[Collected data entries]
'''
(* Let $X,Y$ be exponential vector spaces over a field $K$ and $\phi:X\to Y$ an order-isomorphism. Then (1) for any generator $B$ of $X\smallsetminus X_0$, $\phi(B)$ is a generator of $Y\smallsetminus Y_0$; (2) for any orderly independent subset $B$ of $X\smallsetminus X_0$, $\phi(B)$ is an orderly independent subset of $Y\smallsetminus Y_0$. Consequently, for any basis $B$ of $X\smallsetminus X_0$, $\phi(B)$ is a basis of $Y\smallsetminus Y_0$.
   Context: An exponential vector space (evs) over a field $K$ is a partially ordered set $(X,\leq)$ with a binary operation $+$ on $X$ and a map $K\times X\to X$, $(\alpha,x)\mapsto \alpha x$, such that: (A1) $(X,+)$ is a commutative semigroup with identity $\theta$; (A2) $x\leq y$ implies $x+z\leq y+z$ and $\alpha x\leq \alpha y$ for all $z\in X$, $\alpha\in K$; (A3) $\alpha(x+y)=\alpha x+\alpha y$, $\alpha(\beta x)=(\alpha\beta)x$, $(\alpha+\beta)x\leq \alpha x+\beta x$, $1x=x$; (A4) $\alpha x=\theta$ iff $\alpha=0$ or $x=\theta$; (A5) $x+(-1)x=\theta$ iff $x\in X_0$, where $X_0:=\{z\in X: y\not\leq z \text{ for all } y\in X\smallsetminus\{z\}\}$ (the set of minimal elements, called the primitive space); (A6) for each $x\in X$ there is $p\in X_0$ with $p\leq x$. An order-morphism $f:X\to Y$ is a map with $f(x+y)=f(x)+f(y)$, $f(\alpha x)=\alpha f(x)$, $x\leq y\Rightarrow f(x)\leq f(y)$, and such that for $p,q\in f(X)$ with $p\leq q$ one has $f^{-1}(p)\subseteq\{z: z\leq w \text{ for some } w\in f^{-1}(q)\}$ and $f^{-1}(q)\subseteq\{z: z\geq w \text{ for some } w\in f^{-1}(p)\}$; an order-isomorphism is a bijective order-morphism. For $x\in X\smallsetminus X_0$ let $L(x):=\{z\in X: z\geq \alpha x+p \text{ for some } \alpha\in K\smallsetminus\{0\},\ p\in X_0\}$ (similarly in $Y$ with $Y_0$). A subset $B\subseteq X\smallsetminus X_0$ generates $X\smallsetminus X_0$ if $X\smallsetminus X_0=\bigcup_{b\in B}L(b)$. Elements $x,y\in X\smallsetminus X_0$ are orderly dependent if $x\in L(y)$ or $y\in L(x)$, and orderly independent otherwise; $B$ is orderly independent if any two distinct members of $B$ are orderly independent. A basis of $X\smallsetminus X_0$ is an orderly independent generating subset of $X\smallsetminus X_0$. *)

From mathcomp Require Import all_boot all_algebra.
Set Implicit Arguments. Unset Strict Implicit. Unset Printing Implicit Defensive.
Import GRing.Theory.
Local Open Scope ring_scope.

Record evs (K : fieldType) := EVS {
  ev_carrier :> Type;
  ev_le : ev_carrier -> ev_carrier -> Prop;
  ev_add : ev_carrier -> ev_carrier -> ev_carrier;
  ev_zero : ev_carrier;
  ev_smul : K -> ev_carrier -> ev_carrier;
  ev_le_refl : forall x, ev_le x x;
  ev_le_antisym : forall x y, ev_le x y -> ev_le y x -> x = y;
  ev_le_trans : forall x y z, ev_le x y -> ev_le y z -> ev_le x z;
  ev_addA : forall x y z, ev_add x (ev_add y z) = ev_add (ev_add x y) z;
  ev_addC : forall x y, ev_add x y = ev_add y x;
  ev_add0 : forall x, ev_add x ev_zero = x;
  ev_le_add : forall x y z, ev_le x y -> ev_le (ev_add x z) (ev_add y z);
  ev_le_smul : forall (a : K) x y, ev_le x y -> ev_le (ev_smul a x) (ev_smul a y);
  ev_smulD : forall (a : K) x y,
      ev_smul a (ev_add x y) = ev_add (ev_smul a x) (ev_smul a y);
  ev_smulA : forall (a b : K) x, ev_smul a (ev_smul b x) = ev_smul (a * b) x;
  ev_smul_addK : forall (a b : K) x,
      ev_le (ev_smul (a + b) x) (ev_add (ev_smul a x) (ev_smul b x));
  ev_smul1 : forall x, ev_smul 1 x = x;
  ev_smul_eq0 : forall (a : K) x, ev_smul a x = ev_zero <-> (a = 0 \/ x = ev_zero);
  ev_prim_iff : forall x,
      ev_add x (ev_smul (-1) x) = ev_zero <-> (forall y, ev_le y x -> y = x);
  ev_prim_below : forall x, exists p,
      (forall y, ev_le y p -> y = p) /\ ev_le p x
}.

Section EVSDefs.
Variable K : fieldType.

(* primitive space X_0 : minimal elements *)
Definition prim (X : evs K) (z : X) : Prop :=
  forall y : X, ev_le y z -> y = z.

Definition Lset (X : evs K) (x z : X) : Prop :=
  exists a : K, a <> 0 /\ exists p : X, prim p /\ ev_le (ev_add (ev_smul a x) p) z.

Definition generates (X : evs K) (B : X -> Prop) : Prop :=
  (forall b, B b -> ~ prim b) /\
  (forall z : X, ~ prim z <-> exists b, B b /\ Lset b z).

Definition orderly_dependent (X : evs K) (x y : X) : Prop :=
  Lset y x \/ Lset x y.

Definition orderly_independent (X : evs K) (B : X -> Prop) : Prop :=
  (forall b, B b -> ~ prim b) /\
  (forall x y, B x -> B y -> x <> y -> ~ orderly_dependent x y).

Definition is_basis (X : evs K) (B : X -> Prop) : Prop :=
  orderly_independent B /\ generates B.

Definition order_morphism (X Y : evs K) (f : X -> Y) : Prop :=
  (forall x y, f (ev_add x y) = ev_add (f x) (f y)) /\
  (forall (a : K) x, f (ev_smul a x) = ev_smul a (f x)) /\
  (forall x y, ev_le x y -> ev_le (f x) (f y)) /\
  (forall p q : Y, (exists x, f x = p) -> (exists x, f x = q) -> ev_le p q ->
     (forall z, f z = p -> exists w, f w = q /\ ev_le z w) /\
     (forall z, f z = q -> exists w, f w = p /\ ev_le w z)).

Definition order_isomorphism (X Y : evs K) (f : X -> Y) : Prop :=
  order_morphism f /\ bijective f.

Definition img_set (X Y : Type) (f : X -> Y) (B : X -> Prop) : Y -> Prop :=
  fun y => exists b, B b /\ f b = y.

End EVSDefs.

From mathcomp Require Import all_boot all_algebra.

(* An order-isomorphism preserves sums and scalar multiples, and it also
   reflects the order: the lifting clause of an order-morphism lifts
   [phi x <= phi y] to [x <= w] with [phi w = phi y], and injectivity forces
   [w = y].  Hence it preserves and reflects primitive elements and the sets
   [L(x)], and generation and orderly independence are expressed through
   these notions alone. *)

Set Implicit Arguments. Unset Strict Implicit.

Section OrderIsomorphism.
Variables (K : fieldType) (X Y : evs K) (phi : X -> Y).
Hypothesis hphi : order_isomorphism phi.

Lemma order_iso_inj : injective phi.
Proof. by case: hphi => _ /bij_inj. Qed.

Lemma order_iso_surj (y : Y) : exists x, phi x = y.
Proof. by case: hphi => _ [psi _ psiK]; exists (psi y). Qed.

Lemma order_iso_add x y : phi (ev_add x y) = ev_add (phi x) (phi y).
Proof. by case: hphi => [[phiD _] _]. Qed.

Lemma order_iso_smul a x : phi (ev_smul a x) = ev_smul a (phi x).
Proof. by case: hphi => [[_ [phiZ _]] _]. Qed.

Lemma order_iso_le x y : ev_le (phi x) (phi y) <-> ev_le x y.
Proof.
case: hphi => [[_ [_ [phi_mono phi_lift]]] _]; split; last exact: phi_mono.
move=> le_phi.
have [lift_up _] := phi_lift _ _ (ex_intro _ x erefl) (ex_intro _ y erefl) le_phi.
have [w [phi_wy le_xw]] := lift_up x erefl.
by rewrite -(order_iso_inj phi_wy).
Qed.

Lemma order_iso_prim x : prim (phi x) <-> prim x.
Proof.
split=> [prim_phix y le_yx | prim_x y].
  by apply: order_iso_inj; apply: prim_phix; apply/order_iso_le.
have [y' <-] := order_iso_surj y.
by move/order_iso_le/prim_x ->.
Qed.

Lemma order_iso_Lset b z : Lset (phi b) (phi z) <-> Lset b z.
Proof.
split=> [[a [a_neq0 [p [prim_p le_p]]]] | [a [a_neq0 [p [prim_p le_p]]]]];
  exists a; split=> //.
- have [p' phi_p'] := order_iso_surj p; subst p.
  exists p'; split; first exact/order_iso_prim.
  by apply/order_iso_le; rewrite order_iso_add order_iso_smul.
- exists (phi p); split; first exact/order_iso_prim.
  by rewrite -order_iso_smul -order_iso_add; apply/order_iso_le.
Qed.

Lemma order_iso_orderly_dependent x y :
  orderly_dependent (phi x) (phi y) <-> orderly_dependent x y.
Proof.
by split=> -[dep | dep]; [left | right | left | right]; apply/order_iso_Lset.
Qed.

Lemma img_set_not_prim (B : X -> Prop) :
  (forall b, B b -> ~ prim b) -> forall y, img_set phi B y -> ~ prim y.
Proof. by move=> B_np _ [b [Bb <-]] /order_iso_prim; apply: B_np. Qed.

Lemma generates_img (B : X -> Prop) : generates B -> generates (img_set phi B).
Proof.
move=> [B_np B_gen]; split; first exact: img_set_not_prim.
move=> y; have [z <-] := order_iso_surj y; split.
- move=> /order_iso_prim /B_gen [b [Bb Lbz]].
  by exists (phi b); split; [exists b | apply/order_iso_Lset].
- move=> [_ [[b [Bb <-]] /order_iso_Lset Lbz]] /order_iso_prim.
  by apply/B_gen; exists b.
Qed.

Lemma orderly_independent_img (B : X -> Prop) :
  orderly_independent B -> orderly_independent (img_set phi B).
Proof.
move=> [B_np B_indep]; split; first exact: img_set_not_prim.
move=> _ _ [x [Bx <-]] [y [By <-]] neq_phi /order_iso_orderly_dependent.
by apply: B_indep => // eq_xy; apply: neq_phi; rewrite eq_xy.
Qed.

Lemma is_basis_img (B : X -> Prop) : is_basis B -> is_basis (img_set phi B).
Proof.
by move=> [B_indep B_gen]; split; [apply: orderly_independent_img | apply: generates_img].
Qed.

End OrderIsomorphism.

Theorem mainTheorem20 (K : fieldType) (X Y : evs K) (phi : X -> Y)
  (hphi : order_isomorphism phi) :
  (forall B : X -> Prop, generates B -> generates (img_set phi B)) /\
  (forall B : X -> Prop, orderly_independent B -> orderly_independent (img_set phi B)) /\
  (forall B : X -> Prop, is_basis B -> is_basis (img_set phi B)).
Proof.
split; first exact: generates_img.
split; first exact: orderly_independent_img.
exact: is_basis_img.
Qed.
'''
## Exercise aim
Every line above from the line with "ev_le_add : forall" to the line with "ev_smul a (ev_add" is wanted, ends included; write them out exactly and add no other line.

## Answer for this exercise
  ev_le_add : forall x y z, ev_le x y -> ev_le (ev_add x z) (ev_add y z);
  ev_le_smul : forall (a : K) x y, ev_le x y -> ev_le (ev_smul a x) (ev_smul a y);
  ev_smulD : forall (a : K) x y,
      ev_smul a (ev_add x y) = ev_add (ev_smul a x) (ev_smul a y);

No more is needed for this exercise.